Un an après les Jeux, sept ans après le lancement de l’ANS
La boucle est bouclée. Un an après les Jeux de Paris 2024, et sept ans après la naissance de l’ANS, le sport français retourne à la case départ. Le ministère des Sports est à nouveau l’objet d’un débat existentiel en tout cas pour l’instant sur son budget. Une pétition est lancée…. « Stop à la casse du sport français » , comme en 2018. Et comme le pire n’est jamais certains. Va t on revenir au budget de 2018 ?
L’ANS est questionnée sur sa légitimité, son efficacité et donc son existence. Les clubs, eux, continuent de jouer sans toujours comprendre les règles ni savoir ce qu’il va rester dans la case banque que ce soit celle de l’Etat ou des collectivités territoriales.

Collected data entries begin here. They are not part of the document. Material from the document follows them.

(* There exist a financial system $S$ in the base model (all contracts of the same priority) and banks $u\neq v$ with a debt contract from $u$ to $v$ of positive weight, such that: $S$ has exactly one solution $r$; the system $S'$ obtained from $S$ by deleting this debt contract (everything else unchanged) has exactly one solution $r'$; and $q'_v(r')>q_v(r)$, where $q_v$ and $q'_v$ denote the payoff of $v$ in $S$ and $S'$, respectively.
   Context: A financial system with payment priorities consists of: a finite set $V$ of banks; external assets $e_v\ge 0$ for each $v\in V$; a number $P\ge 1$ of priority levels; and a finite set of contracts, each of which is either a debt contract from a debtor $u$ to a creditor $v\neq u$ with weight $c>0$, or a credit default swap (CDS) from a debtor $u$ to a creditor $v\neq u$ in reference to a bank $w\notin\{u,v\}$ (the reference entity) with weight $c>0$. Every contract has a priority in $\{1,\dots,P\}$ (1 is the highest priority). It is assumed that every bank that is the reference entity of some CDS is the debtor of at least one debt contract of positive weight. Given a recovery rate vector $r\in[0,1]^V$: the liability of a contract $k$ is $l_k(r)=c$ if $k$ is a debt of weight $c$, and $l_k(r)=c\,(1-r_w)$ if $k$ is a CDS of weight $c$ in reference to $w$. For a bank $v$, $l_v(r)$ is the sum of the liabilities of the contracts with debtor $v$; $l_v^{(\rho)}(r)$ is the sum of the liabilities of contracts with debtor $v$ and priority $\rho$; and $l_v^{(\le\rho)}(r)=\sum_{i=1}^{\rho}l_v^{(i)}(r)$ (with $l_v^{(\le 0)}=0$). The payment on a contract $k$ with debtor $v$ and priority $\rho$ is $p_k(r)=l_k(r)\cdot\min\{1,\max\{0,(r_v l_v(r)-l_v^{(\le\rho-1)}(r))/l_v^{(\rho)}(r)\}\}$ (and $p_k(r)=0$ if $l_v^{(\rho)}(r)=0$). The assets of $v$ are $a_v(r)=e_v+\sum_k p_k(r)$, summing over contracts $k$ with creditor $v$. A vector $r\in[0,1]^V$ is a solution (clearing vector) if for every $v\in V$: $r_v=1$ when $a_v(r)\ge l_v(r)$, and $r_v=a_v(r)/l_v(r)$ when $a_v(r)<l_v(r)$. The payoff of $v$ is $q_v(r)=\max\{a_v(r)-l_v(r),0\}$. When $P=1$, payments reduce to $p_k(r)=r_v\,l_k(r)$ (principle of proportionality); this is called the base model. *)

From Stdlib Require Import Reals Lra List Arith.
Import ListNotations.
Open Scope R_scope.

(* Banks are the natural numbers 0, ..., nbanks-1. *)
Inductive ckind : Type :=
  | Debt : ckind
  | CDS : nat -> ckind.          (* CDS in reference to the given bank *)

Record contract : Type := mkContract {
  debtor : nat;
  creditor : nat;
  kind : ckind;
  weight : R;
  prio : nat }.

Record system : Type := mkSystem {
  nbanks : nat;
  ext : nat -> R;
  nprio : nat;
  contracts : list contract }.

Definition sumR (l : list R) : R := fold_right Rplus 0 l.

Definition wf_system (S : system) : Prop :=
  (1 <= nprio S)%nat /\
  (forall v, (v < nbanks S)%nat -> 0 <= ext S v) /\
  (forall k, In k (contracts S) ->
     (debtor k < nbanks S)%nat /\ (creditor k < nbanks S)%nat /\
     debtor k <> creditor k /\ 0 < weight k /\
     (1 <= prio k <= nprio S)%nat /\
     (forall w, kind k = CDS w ->
        (w < nbanks S)%nat /\ w <> debtor k /\ w <> creditor k /\
        exists k', In k' (contracts S) /\ debtor k' = w /\
                   kind k' = Debt /\ 0 < weight k')).

Definition base_model (S : system) : Prop := nprio S = 1%nat.

Section Clearing.
Variable S : system.
Variable r : nat -> R.

Definition liab (k : contract) : R :=
  match kind k with
  | Debt => weight k
  | CDS w => weight k * (1 - r w)
  end.

Definition liab_bank (v : nat) : R :=
  sumR (map liab (filter (fun k => Nat.eqb (debtor k) v) (contracts S))).

Definition liab_prio (v rho : nat) : R :=
  sumR (map liab (filter (fun k => andb (Nat.eqb (debtor k) v) (Nat.eqb (prio k) rho))
                         (contracts S))).

Definition liab_le (v rho : nat) : R :=
  sumR (map (liab_prio v) (seq 1 rho)).

Definition payment (k : contract) : R :=
  let v := debtor k in
  let rho := prio k in
  if Req_EM_T (liab_prio v rho) 0 then 0
  else liab k * Rmin 1 (Rmax 0 ((r v * liab_bank v - liab_le v (rho - 1))
                                 / liab_prio v rho)).

Definition assets (v : nat) : R :=
  ext S v + sumR (map payment (filter (fun k => Nat.eqb (creditor k) v)
                                      (contracts S))).

Definition payoff (v : nat) : R := Rmax (assets v - liab_bank v) 0.

End Clearing.

Definition is_solution (S : system) (r : nat -> R) : Prop :=
  forall v, (v < nbanks S)%nat ->
    0 <= r v <= 1 /\
    (assets S r v >= liab_bank S r v -> r v = 1) /\
    (assets S r v < liab_bank S r v -> r v = assets S r v / liab_bank S r v).

Definition unique_solution (S : system) (r : nat -> R) : Prop :=
  is_solution S r /\
  forall r', is_solution S r' -> forall v, (v < nbanks S)%nat -> r' v = r v.

(* Bank 0 owes 1 to bank 1 and 1 to bank 2, but holds only 1 unit; bank 1
   has sold bank 2 a CDS of weight 2 on bank 0.  With the debt 0 -> 1 in
   place, bank 0 recovers only 1/2, so bank 1 receives 1/2 but must pay
   2 * (1 - 1/2) = 1 on the CDS, keeping 1/2.  Deleting that debt makes
   bank 0 solvent, the CDS pays nothing, and bank 1 keeps its whole unit.
   In the base model payments are proportional, p_k = r_debtor * l_k, so
   each clearing condition reads r_v = clearing_ratio a_v l_v and the
   solutions are computed bank by bank (0, then 1, then 2), which also
   proves their uniqueness. *)

From Stdlib Require Import Reals List Lra Lia Psatz.
Import ListNotations.
Open Scope R_scope.

Lemma sumR_nonneg (l : list R) : (forall x, In x l -> 0 <= x) -> 0 <= sumR l.
Proof.
  induction l as [|a l IH]; intros Hl; simpl; [lra|].
  assert (0 <= a) by (apply Hl; left; reflexivity).
  assert (0 <= sumR l) by (apply IH; intros x Hx; apply Hl; right; exact Hx).
  lra.
Qed.

Lemma sumR_eq0_nonneg (l : list R) :
  (forall x, In x l -> 0 <= x) -> sumR l = 0 -> forall x, In x l -> x = 0.
Proof.
  induction l as [|a l IH]; intros Hl Hsum x Hx; [destruct Hx|].
  assert (0 <= a) by (apply Hl; left; reflexivity).
  assert (0 <= sumR l) by (apply sumR_nonneg; intros y Hy; apply Hl; right; exact Hy).
  simpl in Hsum.
  destruct Hx as [<-|Hx]; [lra|].
  apply IH; [intros y Hy; apply Hl; right; exact Hy|lra|exact Hx].
Qed.

Section BaseModel.
Variable S : system.
Hypothesis S_wf : wf_system S.
Hypothesis S_base : base_model S.
Variable r : nat -> R.
Hypothesis r_range : forall v, (v < nbanks S)%nat -> 0 <= r v <= 1.

Lemma liab_nonneg k : In k (contracts S) -> 0 <= liab r k.
Proof.
  intros Hk. destruct S_wf as (_ & _ & Hc).
  destruct (Hc k Hk) as (_ & _ & _ & Hw & _ & Hcds).
  unfold liab. destruct (kind k) as [|w] eqn:Ek; [lra|].
  destruct (Hcds w eq_refl) as (Hw_lt & _).
  destruct (r_range w Hw_lt). apply Rmult_le_pos; lra.
Qed.

Lemma prio_base k : In k (contracts S) -> prio k = 1%nat.
Proof.
  intros Hk. destruct S_wf as (_ & _ & Hc).
  destruct (Hc k Hk) as (_ & _ & _ & _ & Hp & _).
  unfold base_model in S_base. lia.
Qed.

Lemma liab_prio_base v : liab_prio S r v 1 = liab_bank S r v.
Proof.
  unfold liab_prio, liab_bank. do 2 f_equal.
  apply filter_ext_in. intros k Hk.
  rewrite (prio_base k Hk), Bool.andb_true_r. reflexivity.
Qed.

Lemma payment_base k :
  In k (contracts S) -> payment S r k = r (debtor k) * liab r k.
Proof.
  intros Hk. unfold payment. rewrite (prio_base k Hk), liab_prio_base.
  change (liab_le S r (debtor k) (1 - 1)) with 0.
  set (L := liab_bank S r (debtor k)).
  destruct (Req_EM_T L 0) as [HL|HL].
  (* The payment is then 0 by convention; so is l_k, a nonnegative summand of L. *)
  - assert (Hin : In (liab r k) (map (liab r)
        (filter (fun k' => Nat.eqb (debtor k') (debtor k)) (contracts S)))).
    { apply in_map, filter_In. split; [exact Hk|apply Nat.eqb_refl]. }
    assert (Hnonneg : forall x, In x (map (liab r)
        (filter (fun k' => Nat.eqb (debtor k') (debtor k)) (contracts S))) -> 0 <= x).
    { intros x Hx. apply in_map_iff in Hx as (k' & <- & Hk').
      apply filter_In in Hk' as [Hk' _]. exact (liab_nonneg k' Hk'). }
    rewrite (sumR_eq0_nonneg _ Hnonneg HL _ Hin). ring.
  - assert (Hd : (debtor k < nbanks S)%nat)
      by (destruct S_wf as (_ & _ & Hc); exact (proj1 (Hc k Hk))).
    destruct (r_range (debtor k) Hd).
    replace ((r (debtor k) * L - 0) / L) with (r (debtor k)) by (field; exact HL).
    unfold Rmax, Rmin.
    destruct (Rle_dec 0 (r (debtor k))), (Rle_dec 1 (r (debtor k))); try lra.
    replace (r (debtor k)) with 1 by lra. ring.
Qed.

Lemma assets_base v :
  assets S r v = ext S v + sumR (map (fun k => r (debtor k) * liab r k)
                   (filter (fun k => Nat.eqb (creditor k) v) (contracts S))).
Proof.
  unfold assets. do 2 f_equal. apply map_ext_in. intros k Hk.
  apply filter_In in Hk as [Hk _]. exact (payment_base k Hk).
Qed.
End BaseModel.

Lemma solution_range S r : is_solution S r -> forall v, (v < nbanks S)%nat -> 0 <= r v <= 1.
Proof. intros Hr v Hv. exact (proj1 (Hr v Hv)). Qed.

Definition clearing_ratio (a l : R) : R := if Rle_dec l a then 1 else a / l.

Lemma clearing_ratio_solvent a l : l <= a -> clearing_ratio a l = 1.
Proof. intros H. unfold clearing_ratio. destruct (Rle_dec l a); [reflexivity|lra]. Qed.

Lemma clearing_ratio_default a l : a < l -> clearing_ratio a l = a / l.
Proof. intros H. unfold clearing_ratio. destruct (Rle_dec l a); [lra|reflexivity]. Qed.

Lemma solution_clearing_ratio S r v :
  is_solution S r -> (v < nbanks S)%nat ->
  r v = clearing_ratio (assets S r v) (liab_bank S r v).
Proof.
  intros Hr Hv. destruct (Hr v Hv) as (_ & Hge & Hlt).
  unfold clearing_ratio. destruct (Rle_dec (liab_bank S r v) (assets S r v)).
  - apply Hge. lra.
  - apply Hlt. lra.
Qed.

Lemma is_solution_clearing_ratio S r :
  (forall v, (v < nbanks S)%nat ->
     0 <= assets S r v /\ 0 <= liab_bank S r v /\
     r v = clearing_ratio (assets S r v) (liab_bank S r v)) ->
  is_solution S r.
Proof.
  intros Hr v Hv. destruct (Hr v Hv) as (Ha & Hl & ->).
  unfold clearing_ratio.
  destruct (Rle_dec (liab_bank S r v) (assets S r v)) as [Hle|Hgt].
  - repeat split; intros; lra.
  - assert (Hq : assets S r v / liab_bank S r v * liab_bank S r v = assets S r v)
      by (field; lra).
    assert (0 <= assets S r v / liab_bank S r v < 1) by (split; nra).
    repeat split; intros; lra.
Qed.

Definition ext_ex (v : nat) : R := match v with 0%nat | 1%nat => 1 | _ => 0 end.
Definition debt01 := mkContract 0 1 Debt 1 1.
Definition debt02 := mkContract 0 2 Debt 1 1.
Definition cds12 := mkContract 1 2 (CDS 0) 2 1.
Definition S_full := mkSystem 3 ext_ex 1 [debt01; debt02; cds12].
Definition S_cut := mkSystem 3 ext_ex 1 [debt02; cds12].

Ltac prove_wf_example :=
  split; [simpl; lia|split];
  [ intros [|[|[|v]]] Hv; simpl in *; lra || lia
  | intros k Hk; simpl in Hk;
    repeat (destruct Hk as [<-|Hk]); [..|destruct Hk];
    repeat split; simpl; try lia; try lra;
    match goal with Hw : _ = CDS _ |- _ => discriminate Hw || injection Hw as <- end;
    try lia; exists debt02; simpl; auto with real ].

Lemma S_full_wf : wf_system S_full.
Proof. prove_wf_example. Qed.

Lemma S_cut_wf : wf_system S_cut.
Proof. prove_wf_example. Qed.

Section Example.
Variable r : nat -> R.
Hypothesis r_range : forall v, (v < 3)%nat -> 0 <= r v <= 1.

Lemma S_full_balance :
  assets S_full r 0 = 1 /\ liab_bank S_full r 0 = 2 /\
  assets S_full r 1 = 1 + r 0%nat /\ liab_bank S_full r 1 = 2 * (1 - r 0%nat) /\
  assets S_full r 2 = r 0%nat + 2 * r 1%nat * (1 - r 0%nat) /\ liab_bank S_full r 2 = 0.
Proof.
  rewrite !(assets_base S_full S_full_wf eq_refl r r_range).
  unfold liab_bank, liab; simpl; repeat split; ring.
Qed.

Lemma S_cut_balance :
  assets S_cut r 0 = 1 /\ liab_bank S_cut r 0 = 1 /\
  assets S_cut r 1 = 1 /\ liab_bank S_cut r 1 = 2 * (1 - r 0%nat) /\
  assets S_cut r 2 = r 0%nat + 2 * r 1%nat * (1 - r 0%nat) /\ liab_bank S_cut r 2 = 0.
Proof.
  rewrite !(assets_base S_cut S_cut_wf eq_refl r r_range).
  unfold liab_bank, liab; simpl; repeat split; ring.
Qed.
End Example.

Definition r_full (v : nat) : R := if Nat.eqb v 0 then 1 / 2 else 1.
Definition r_cut (_ : nat) : R := 1.

Lemma r_full_range v : (v < 3)%nat -> 0 <= r_full v <= 1.
Proof. intros _. unfold r_full. destruct (Nat.eqb v 0); lra. Qed.

Lemma r_cut_range v : (v < 3)%nat -> 0 <= r_cut v <= 1.
Proof. intros _. unfold r_cut. lra. Qed.

Lemma S_full_solution_values r :
  is_solution S_full r -> r 0%nat = 1 / 2 /\ r 1%nat = 1 /\ r 2%nat = 1.
Proof.
  intros Hr.
  destruct (S_full_balance r (solution_range S_full r Hr)) as (A0 & L0 & A1 & L1 & A2 & L2).
  pose proof (solution_clearing_ratio S_full r 0 Hr ltac:(simpl; lia)) as E0.
  pose proof (solution_clearing_ratio S_full r 1 Hr ltac:(simpl; lia)) as E1.
  pose proof (solution_clearing_ratio S_full r 2 Hr ltac:(simpl; lia)) as E2.
  rewrite A0, L0, clearing_ratio_default in E0 by lra.
  rewrite A1, L1, E0, clearing_ratio_solvent in E1 by lra.
  rewrite A2, L2, E0, E1, clearing_ratio_solvent in E2 by lra.
  repeat split; lra.
Qed.

Lemma S_cut_solution_values r :
  is_solution S_cut r -> r 0%nat = 1 /\ r 1%nat = 1 /\ r 2%nat = 1.
Proof.
  intros Hr.
  destruct (S_cut_balance r (solution_range S_cut r Hr)) as (A0 & L0 & A1 & L1 & A2 & L2).
  pose proof (solution_clearing_ratio S_cut r 0 Hr ltac:(simpl; lia)) as E0.
  pose proof (solution_clearing_ratio S_cut r 1 Hr ltac:(simpl; lia)) as E1.
  pose proof (solution_clearing_ratio S_cut r 2 Hr ltac:(simpl; lia)) as E2.
  rewrite A0, L0, clearing_ratio_solvent in E0 by lra.
  rewrite A1, L1, E0, clearing_ratio_solvent in E1 by lra.
  rewrite A2, L2, E0, E1, clearing_ratio_solvent in E2 by lra.
  repeat split; lra.
Qed.

Lemma S_full_unique_solution : unique_solution S_full r_full.
Proof.
  split.
  - apply is_solution_clearing_ratio. simpl. intros v Hv.
    destruct (S_full_balance r_full r_full_range) as (A0 & L0 & A1 & L1 & A2 & L2).
    unfold r_full in *; simpl in *.
    destruct v as [|[|[|v]]]; try lia.
    + rewrite A0, L0, clearing_ratio_default by lra. repeat split; lra.
    + rewrite A1, L1, clearing_ratio_solvent by lra. repeat split; lra.
    + rewrite A2, L2, clearing_ratio_solvent by lra. repeat split; lra.
  - intros r Hr v Hv. destruct (S_full_solution_values r Hr) as (E0 & E1 & E2).
    simpl in Hv. destruct v as [|[|[|v]]]; try lia; assumption.
Qed.

Lemma S_cut_unique_solution : unique_solution S_cut r_cut.
Proof.
  split.
  - apply is_solution_clearing_ratio. simpl. intros v Hv.
    destruct (S_cut_balance r_cut r_cut_range) as (A0 & L0 & A1 & L1 & A2 & L2).
    unfold r_cut in *.
    destruct v as [|[|[|v]]]; try lia.
    + rewrite A0, L0, clearing_ratio_solvent by lra. repeat split; lra.
    + rewrite A1, L1, clearing_ratio_solvent by lra. repeat split; lra.
    + rewrite A2, L2, clearing_ratio_solvent by lra. repeat split; lra.
  - intros r Hr v Hv. destruct (S_cut_solution_values r Hr) as (E0 & E1 & E2).
    simpl in Hv. destruct v as [|[|[|v]]]; try lia; assumption.
Qed.

Lemma payoff_gain : payoff S_cut r_cut 1 > payoff S_full r_full 1.
Proof.
  destruct (S_full_balance r_full r_full_range) as (_ & _ & A1 & L1 & _).
  destruct (S_cut_balance r_cut r_cut_range) as (_ & _ & A1' & L1' & _).
  unfold payoff. rewrite A1, L1, A1', L1'. unfold r_full, r_cut; simpl.
  unfold Rmax. destruct (Rle_dec _ 0), (Rle_dec _ 0); lra.
Qed.

Theorem mainTheorem2 :
  exists (n : nat) (e : nat -> R) (l1 l2 : list contract)
         (u v : nat) (c : R) (rho : nat),
    let S := mkSystem n e 1 (l1 ++ mkContract u v Debt c rho :: l2) in
    let S' := mkSystem n e 1 (l1 ++ l2) in
    wf_system S /\ base_model S /\ wf_system S' /\
    u <> v /\ 0 < c /\
    exists r r',
      unique_solution S r /\ unique_solution S' r' /\
      payoff S' r' v > payoff S r v.
Proof.
  exists 3%nat, ext_ex, [], [debt02; cds12], 0%nat, 1%nat, 1, 1%nat.
  split; [exact S_full_wf|].
  split; [reflexivity|].
  split; [exact S_cut_wf|].
  split; [lia|split; [lra|]].
  exists r_full, r_cut.
  split; [exact S_full_unique_solution|].
  split; [exact S_cut_unique_solution|].
  exact payoff_gain.
Qed.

En janvier 2022, je me posais la question, le sport peut t-il passer d’un statut de « divertissement » à celui de politique publique ? on a notre réponse
Retour à la case départ, le sport français a tiré la mauvaise carte
Un an après les Jeux de Paris 2024, sept ans après la création de l’Agence nationale du sport, le sport français a tiré la mauvaise carte « Vous avez trop perçu. Baisse de budget. Retour à la case départ. »
Le budget du ministère des Sports vacille, l’ANS est sur la sellette, les clubs ne voient plus passer la monnaie, et une nouvelle pétition circule pour dénoncer la casse. Au terme d’un Monopoly grandeur nature, joué sur fond d’ambitions olympiques, les dés sont relancés pour 2030 avec quels moyens ? Des #EGS2025 états généraux du sport s’imposent en 2025.